Question

A solid cylinder of height 30cm and radius 10cm is melted and recast into cones if radius 3cm and height 2cm. Find the number of solid cones recast.​

Answer 1

Answer:

$\bigstar{\bold{Number\:of\:cones=500}}$

Step-by-step explanation:

$\Large{\underline{\bf{Given:}}}$

• Height of the cylinder = 30 cm
• Radius of the cylinder = 10 cm
• Height of the cones = 2 cm
• Radius of the cones = 3 cm

$\Large{\underline{\bf{To\:Find:}}}$

• Number of solid cones recast

$\Large{\underline{\bf{Solution:}}}$

➣ Here we have to find the number of cones that can be recast from the solid cylinder.

➣ First we have to find the volume of the cylinder.

➣ Volume of a cylinder is given by,

   Volume of a cylinder = π r² h

    where r is the radius

    h is the height

➣ Substitute the data,

    Volume of the cylinder = 3.14 × 10² × 30

   Volume of the cylinder = 9420 m³

➣ Hence volume of the cylinder is 9420 m³.

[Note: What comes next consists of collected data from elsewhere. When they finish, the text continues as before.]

(* Let a discrete mean-field game be given (setting in the context) and fix $\epsilon>0$. (CCE version) Run MF-PSRO(CCE): start with $\Pi_1=\{\pi_1\}$, $\pi_1\in\Pi$. At each iteration $n$, let $\rho_n$ be a finitely supported distribution over $\Delta(\Pi_n)$ that is a restricted $\epsilon$-MFCCE for $\Pi_n$ (as obtained from a no-external-regret learner run until its average regret is at most $\epsilon$); pick $\pi^{new}\in\arg\max_{\pi\in\Pi}\sum_\nu\rho_n(\nu)J(\pi,\mu(\nu))$, set $\Pi_{n+1}=\Pi_n\cup\{\pi^{new}\}$, and terminate if $\Pi_{n+1}=\Pi_n$. Then the algorithm terminates after finitely many iterations and the final $\rho_n$ is an $\epsilon$-MFCCE of the full game. (CE version) Run MF-PSRO(CE): same, except that $\rho_n$ is a restricted $\epsilon$-MFCE for $\Pi_n$ (as obtained from a no-internal-regret learner with average regret at most $\epsilon$), and $\Pi_{n+1}=\Pi_n\cup\{\pi^{new}(\pi_k):\pi_k\in\Pi_n,\ \rho_n(\pi_k)>0\}$ where $\pi^{new}(\pi_k)\in\arg\max_{\pi\in\Pi}\sum_\nu\rho_n(\nu\mid\pi_k)J(\pi,\mu(\nu))$. Then the algorithm terminates after finitely many iterations and the final $\rho_n$ is an $\epsilon$-MFCE of the full game.
   Context: A discrete mean-field game consists of a finite state set $\mathcal X$, a finite action set $\mathcal A$, a reward $r:\mathcal X\times\mathcal A\times\Delta(\mathcal X)\to\mathbb R$, transition probabilities $p(x'\mid x,a)$ not depending on the population distribution, and an initial distribution $\mu_0$. A policy is $\pi:\mathcal X\to\Delta(\mathcal A)$; $\Pi$ is the finite set of deterministic policies; $\mu^\pi$ is the state occupancy measure of $\pi$ (discounted or finite-horizon); $J(\pi,\mu)=\sum_{x,a}\mu^\pi(x)\pi(x,a)r(x,a,\mu)$. For $\nu$ a distribution over a finite set of policies, $\mu(\nu)=\sum_\pi\nu(\pi)\mu^\pi$ and $\pi(\nu)$ is the policy sampling a policy from $\nu$ at the start and playing it throughout, so $J(\pi(\nu),\mu)=\sum_\pi\nu(\pi)J(\pi,\mu)$. For a finitely supported correlation device $\rho$ over $\Delta(\Pi_n)$: $\rho(\pi)=\sum_\nu\nu(\pi)\rho(\nu)$ and $\rho(\nu\mid\pi)=\nu(\pi)\rho(\nu)/\sum_{\nu'}\nu'(\pi)\rho(\nu')$. $\rho$ is a restricted $\epsilon$-MFCCE for $\Pi_n$ if $\mathbb E_{\nu\sim\rho,\pi\sim\nu}[J(\pi',\mu(\nu))-J(\pi,\mu(\nu))]\le\epsilon$ for all $\pi'\in\Pi_n$, and an $\epsilon$-MFCCE of the full game if this holds for all $\pi'\in\Pi$. $\rho$ is a restricted $\epsilon$-MFCE for $\Pi_n$ if $\rho(\pi)\,\mathbb E_{\nu\sim\rho(\cdot\mid\pi)}[J(\pi',\mu(\nu))-J(\pi,\mu(\nu))]\le\epsilon$ for all $\pi,\pi'\in\Pi_n$, and an $\epsilon$-MFCE of the full game if this holds for all $\pi\in\Pi_n$ and all $\pi'\in\Pi$ (recommendations $\pi$ lie in the support, which is inside $\Pi_n$). *)

From HB Require Import structures.
From mathcomp Require Import all_boot all_order all_algebra.
Set Implicit Arguments. Unset Strict Implicit. Unset Printing Implicit Defensive.
Import Order.TTheory GRing.Theory Num.Theory.
Local Open Scope ring_scope.

(* Occupancy-measure convention: finite horizon T (mu^pi = sum_{t<T} mu_t)
   or discounted with factor gamma (mu^pi = (1-gamma) sum_t gamma^t mu_t,
   computed in closed form as (1-gamma) mu_0 (I - gamma P_pi)^{-1}). *)
Inductive horizon (R : Type) := FiniteH of nat | Discounted of R.

Section MFG.
Variable R : realFieldType.
Variables nX nA : nat.

Definition policy := {ffun 'I_nX -> 'I_nA}.
(* correlation device: finitely supported distribution over Delta(Pi_n),
   given as a finite list of (weight rho(nu), distribution nu over policies) *)
Definition cdev := seq (R * {ffun policy -> R}).

Variable reward : 'I_nX -> 'I_nA -> 'rV[R]_nX -> R.
Variable trans : 'I_nX -> 'I_nA -> 'I_nX -> R.
Variable mu0 : 'rV[R]_nX.
Variable hor : horizon R.

Definition is_pdist (m : 'rV[R]_nX) := (forall x, 0 <= m 0 x) /\ \sum_x m 0 x = 1.

Definition valid_game :=
  (forall x a y, 0 <= trans x a y) /\ (forall x a, \sum_y trans x a y = 1) /\
  is_pdist mu0 /\
  (match hor with FiniteH T => (0 < T)%N | Discounted g => 0 <= g < 1 end).

Definition polp (pi : policy) (x : 'I_nX) (a : 'I_nA) : R := (pi x == a)%:R.

Definition trans_mx (pi : policy) : 'M[R]_nX :=
  \matrix_(x, y) \sum_a polp pi x a * trans x a y.

Definition occ (pi : policy) : 'rV[R]_nX :=
  match hor with
  | FiniteH T => \sum_(t < T) iter t (fun m => m *m trans_mx pi) mu0
  | Discounted g => (1 - g) *: (mu0 *m invmx (1%:M - g *: trans_mx pi))
  end.

Definition J (pi : policy) (mu : 'rV[R]_nX) : R :=
  \sum_x \sum_a occ pi 0 x * polp pi x a * reward x a mu.

Definition mu_of (nu : {ffun policy -> R}) : 'rV[R]_nX := \sum_pi nu pi *: occ pi.

Definition is_dist_on (S : {set policy}) (nu : {ffun policy -> R}) :=
  (forall pi, 0 <= nu pi) /\ \sum_pi nu pi = 1 /\ (forall pi, nu pi != 0 -> pi \in S).

Definition is_cdev_on (S : {set policy}) (rho : cdev) :=
  (forall e, e \in rho -> 0 <= e.1 /\ is_dist_on S e.2) /\ \sum_(e <- rho) e.1 = 1.

Definition rho_pol (rho : cdev) (pi : policy) : R := \sum_(e <- rho) e.1 * e.2 pi.

Definition rho_cond (rho : cdev) (e : R * {ffun policy -> R}) (pi : policy) : R :=
  e.2 pi * e.1 / rho_pol rho pi.

Definition cce_gap (rho : cdev) (pi' : policy) : R :=
  \sum_(e <- rho) e.1 * \sum_pi e.2 pi * (J pi' (mu_of e.2) - J pi (mu_of e.2)).

Definition ce_gap (rho : cdev) (pi pi' : policy) : R :=
  rho_pol rho pi *
  \sum_(e <- rho) rho_cond rho e pi * (J pi' (mu_of e.2) - J pi (mu_of e.2)).

Definition restricted_MFCCE (eps : R) (S : {set policy}) (rho : cdev) :=
  forall pi', pi' \in S -> cce_gap rho pi' <= eps.
Definition MFCCE (eps : R) (rho : cdev) :=
  forall pi', cce_gap rho pi' <= eps.
Definition restricted_MFCE (eps : R) (S : {set policy}) (rho : cdev) :=
  forall pi pi', pi \in S -> pi' \in S -> ce_gap rho pi pi' <= eps.
Definition MFCE (eps : R) (S : {set policy}) (rho : cdev) :=
  forall pi pi', pi \in S -> ce_gap rho pi pi' <= eps.

Definition br_val (rho : cdev) (pi : policy) : R :=
  \sum_(e <- rho) e.1 * J pi (mu_of e.2).
Definition br_val_cond (rho : cdev) (pk pi : policy) : R :=
  \sum_(e <- rho) rho_cond rho e pk * J pi (mu_of e.2).

Definition running (Pis : nat -> {set policy}) (n : nat) :=
  forall m, (m < n)%N -> Pis m.+1 != Pis m.

(* a run of MF-PSRO(CCE): Pis n = Pi_n (Pi_1 = Pis 0), rhos n = rho_n,
   pnew n = pi^new at iteration n; the rules constrain every iteration
   reached before termination. *)
Definition psro_cce_run (eps : R) (pi1 : policy) (Pis : nat -> {set policy})
    (rhos : nat -> cdev) (pnew : nat -> policy) :=
  Pis 0%N = [set pi1] /\
  forall n, running Pis n ->
    [/\ is_cdev_on (Pis n) (rhos n),
        restricted_MFCCE eps (Pis n) (rhos n),
        (forall pi, br_val (rhos n) pi <= br_val (rhos n) (pnew n)) &
        Pis n.+1 = Pis n :|: [set pnew n]].

Definition psro_ce_run (eps : R) (pi1 : policy) (Pis : nat -> {set policy})
    (rhos : nat -> cdev) (pnew : nat -> policy -> policy) :=
  Pis 0%N = [set pi1] /\
  forall n, running Pis n ->
    [/\ is_cdev_on (Pis n) (rhos n),
        restricted_MFCE eps (Pis n) (rhos n),
        (forall pk, pk \in Pis n -> 0 < rho_pol (rhos n) pk ->
           forall pi, br_val_cond (rhos n) pk pi <= br_val_cond (rhos n) pk (pnew n pk)) &
        Pis n.+1 = Pis n :|: [set pnew n pk | pk in Pis n & 0 < rho_pol (rhos n) pk]].

End MFG.

(* Both algorithms only ever enlarge the finite restricted policy set, so they
   stop; at the stopping iteration every best response to rho_n (resp. to each
   conditional rho_n(. | pi_k) with pi_k recommended) already lies in Pi_n.
   The gain of deviating to pi' is the best-response objective of pi' minus a
   term independent of pi', so it is largest at a best response, where it is
   at most eps by restricted equilibrium.  Recommendations of mass zero have
   CE gap zero.  No property of the game itself is needed. *)
From HB Require Import structures.
From mathcomp Require Import all_boot all_order all_algebra.
Import Order.TTheory GRing.Theory Num.Theory.
Local Open Scope ring_scope.

Section GrowingSets.
Variables (T : finType) (P : nat -> {set T}).

Lemma proper_chain_card n :
  (forall m, (m < n)%N -> P m \proper P m.+1) -> (n <= #|P n|)%N.
Proof.
elim: n => // n IHn chain.
apply: leq_ltn_trans (IHn _) (proper_card (chain n _)) => // m ltmn.
exact/chain/ltnW.
Qed.

Lemma growing_sets_stabilize :
  (forall n, (forall m, (m < n)%N -> P m.+1 != P m) -> P n \subset P n.+1) ->
  exists N, (forall m, (m < N)%N -> P m.+1 != P m) /\ P N.+1 = P N.
Proof.
move=> grow.
have [/existsP[i stop_i] | ] := boolP [exists i : 'I_#|T|.+1, P i.+1 == P i].
  have ex_stop : exists n, P n.+1 == P n by exists i.
  case: (ex_minnP ex_stop) => N /eqP stopN minN.
  by exists N; split=> // m ltmN; apply/negP=> /minN; rewrite leqNgt ltmN.
move=> /existsPn moving.
have moving_lt m : (m < #|T|.+1)%N -> P m.+1 != P m.
  by move=> ltm; exact: (moving (Ordinal ltm)).
suff: (#|T|.+1 <= #|P #|T|.+1|)%N by rewrite leqNgt ltnS max_card.
apply: proper_chain_card => m ltm.
rewrite properEneq eq_sym moving_lt //; apply: grow => k ltkm.
exact/moving_lt/(ltn_trans ltkm).
Qed.

End GrowingSets.

Section RestrictedToFull.
Variables (R : realFieldType) (nX nA : nat).
Variable reward : 'I_nX -> 'I_nA -> 'rV[R]_nX -> R.
Variable trans : 'I_nX -> 'I_nA -> 'I_nX -> R.
Variables (mu0 : 'rV[R]_nX) (hor : horizon R).

Local Notation J := (J reward trans mu0 hor).
Local Notation cce_gap := (cce_gap reward trans mu0 hor).
Local Notation ce_gap := (ce_gap reward trans mu0 hor).
Local Notation br_val := (br_val reward trans mu0 hor).
Local Notation br_val_cond := (br_val_cond reward trans mu0 hor).

Definition rec_val (rho : cdev R nX nA) : R :=
  \sum_(e <- rho) e.1 * \sum_pi e.2 pi * J pi (mu_of trans mu0 hor e.2).

Definition rec_val_cond (rho : cdev R nX nA) (pk : policy nX nA) : R :=
  \sum_(e <- rho) rho_cond rho e pk * J pk (mu_of trans mu0 hor e.2).

Lemma cce_gapE {S : {set policy nX nA}} {rho : cdev R nX nA} pi' :
  is_cdev_on S rho -> cce_gap rho pi' = br_val rho pi' - rec_val rho.
Proof.
move=> [dev _]; rewrite /cce_gap /br_val /rec_val -sumrB !big_seq.
apply: eq_bigr => e /dev[_ [_ [sum_nu _]]]; rewrite -mulrBr; congr (_ * _).
by under eq_bigr do rewrite mulrBr; rewrite sumrB -mulr_suml sum_nu mul1r.
Qed.

Lemma ce_gapE (rho : cdev R nX nA) pk pi' :
  ce_gap rho pk pi' = rho_pol rho pk * (br_val_cond rho pk pi' - rec_val_cond rho pk).
Proof.
rewrite /ce_gap /br_val_cond /rec_val_cond -sumrB.
by congr (_ * _); apply: eq_bigr => e _; rewrite mulrBr.
Qed.

Lemma rho_pol_ge0 {S : {set policy nX nA}} {rho : cdev R nX nA} pi :
  is_cdev_on S rho -> 0 <= rho_pol rho pi.
Proof.
move=> [dev _]; rewrite /rho_pol big_seq.
by apply: sumr_ge0 => e /dev[w_ge0 [nu_ge0 _]]; exact: mulr_ge0 w_ge0 (nu_ge0 pi).
Qed.

Lemma MFCCE_of_restricted eps (S : {set policy nX nA}) (rho : cdev R nX nA) pbest :
  is_cdev_on S rho -> restricted_MFCCE reward trans mu0 hor eps S rho ->
  (forall pi, br_val rho pi <= br_val rho pbest) -> pbest \in S ->
  MFCCE reward trans mu0 hor eps rho.
Proof.
move=> rho_dev rho_eq best best_in pi'.
apply: le_trans (rho_eq _ best_in).
by rewrite !(cce_gapE _ rho_dev) lerD2r; exact: best.
Qed.

Lemma MFCE_of_restricted eps (S : {set policy nX nA}) (rho : cdev R nX nA)
    (pbest : policy nX nA -> policy nX nA) :
  0 <= eps -> is_cdev_on S rho -> restricted_MFCE reward trans mu0 hor eps S rho ->
  (forall pk, pk \in S -> 0 < rho_pol rho pk ->
     pbest pk \in S /\
     forall pi, br_val_cond rho pk pi <= br_val_cond rho pk (pbest pk)) ->
  MFCE reward trans mu0 hor eps S rho.
Proof.
move=> eps_ge0 rho_dev rho_eq best pk pi' pk_in.
have [mass_gt0 | mass_le0] := ltrP 0 (rho_pol rho pk); last first.
  have mass0 : rho_pol rho pk = 0.
    by apply/eqP; rewrite eq_le mass_le0 (rho_pol_ge0 pk rho_dev).
  by rewrite ce_gapE mass0 mul0r.
have [best_in best_pk] := best pk pk_in mass_gt0.
apply: le_trans (rho_eq _ _ pk_in best_in).
by rewrite !ce_gapE ler_pM2l // lerD2r; exact: best_pk.
Qed.

End RestrictedToFull.

Theorem mainTheorem5 (R : realFieldType) (nX nA : nat)
  (reward : 'I_nX -> 'I_nA -> 'rV[R]_nX -> R)
  (trans : 'I_nX -> 'I_nA -> 'I_nX -> R)
  (mu0 : 'rV[R]_nX) (hor : horizon R) (eps : R) :
  valid_game trans mu0 hor -> 0 < eps ->
  (forall (pi1 : policy nX nA) (Pis : nat -> {set policy nX nA})
          (rhos : nat -> cdev R nX nA) (pnew : nat -> policy nX nA),
     psro_cce_run reward trans mu0 hor eps pi1 Pis rhos pnew ->
     exists N, [/\ running Pis N, Pis N.+1 = Pis N &
                   MFCCE reward trans mu0 hor eps (rhos N)]) /\
  (forall (pi1 : policy nX nA) (Pis : nat -> {set policy nX nA})
          (rhos : nat -> cdev R nX nA) (pnew : nat -> policy nX nA -> policy nX nA),
     psro_ce_run reward trans mu0 hor eps pi1 Pis rhos pnew ->
     exists N, [/\ running Pis N, Pis N.+1 = Pis N &
                   MFCE reward trans mu0 hor eps (Pis N) (rhos N)]).
Proof.
move=> _ eps_gt0; split=> pi1 Pis rhos pnew [_ step].
- have [|N [runN stopN]] := @growing_sets_stabilize _ Pis.
    by move=> n /step[_ _ _ ->]; exact: subsetUl.
  exists N; split=> //; have [rho_dev rho_eq best growN] := step N runN.
  apply: MFCCE_of_restricted rho_dev rho_eq best _.
  by move: stopN; rewrite growN => /setUidPl; rewrite sub1set.
- have [|N [runN stopN]] := @growing_sets_stabilize _ Pis.
    by move=> n /step[_ _ _ ->]; exact: subsetUl.
  exists N; split=> //; have [rho_dev rho_eq best growN] := step N runN.
  apply: MFCE_of_restricted (ltW eps_gt0) rho_dev rho_eq _ => pk pk_in mass_gt0.
  split; last exact: best.
  move: stopN; rewrite growN => /setUidPl /subsetP; apply.
  by apply/imsetP; exists pk; rewrite // inE pk_in mass_gt0.
Qed.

➣ Now finding the volume of one of the cones.

➣ Volume of a cone is given by,

    Volume of a cone = 1/3 × π × r² × h

    where r is the radius of the cone

                h is the height of the cone

➣ Substitute the data,

    Volume of the cone = 1/3 × 3.14 × 3² × 2

    Volume of the cone = 18.84 m³

➣ Hence volume of each of the cone is 18.84 m³

➣ Now finding the number of cones that can be recast from it,

    Number of cones = Volume of cylinder/Volume of cone

➣ Substitute the data,

    Number of cones = 9420/18.84

    Number of cones = 500

➣ Hence 500 cones can be made from the solid cylinder.

    $\boxed{\bold{Number\:of\:cones=500}}$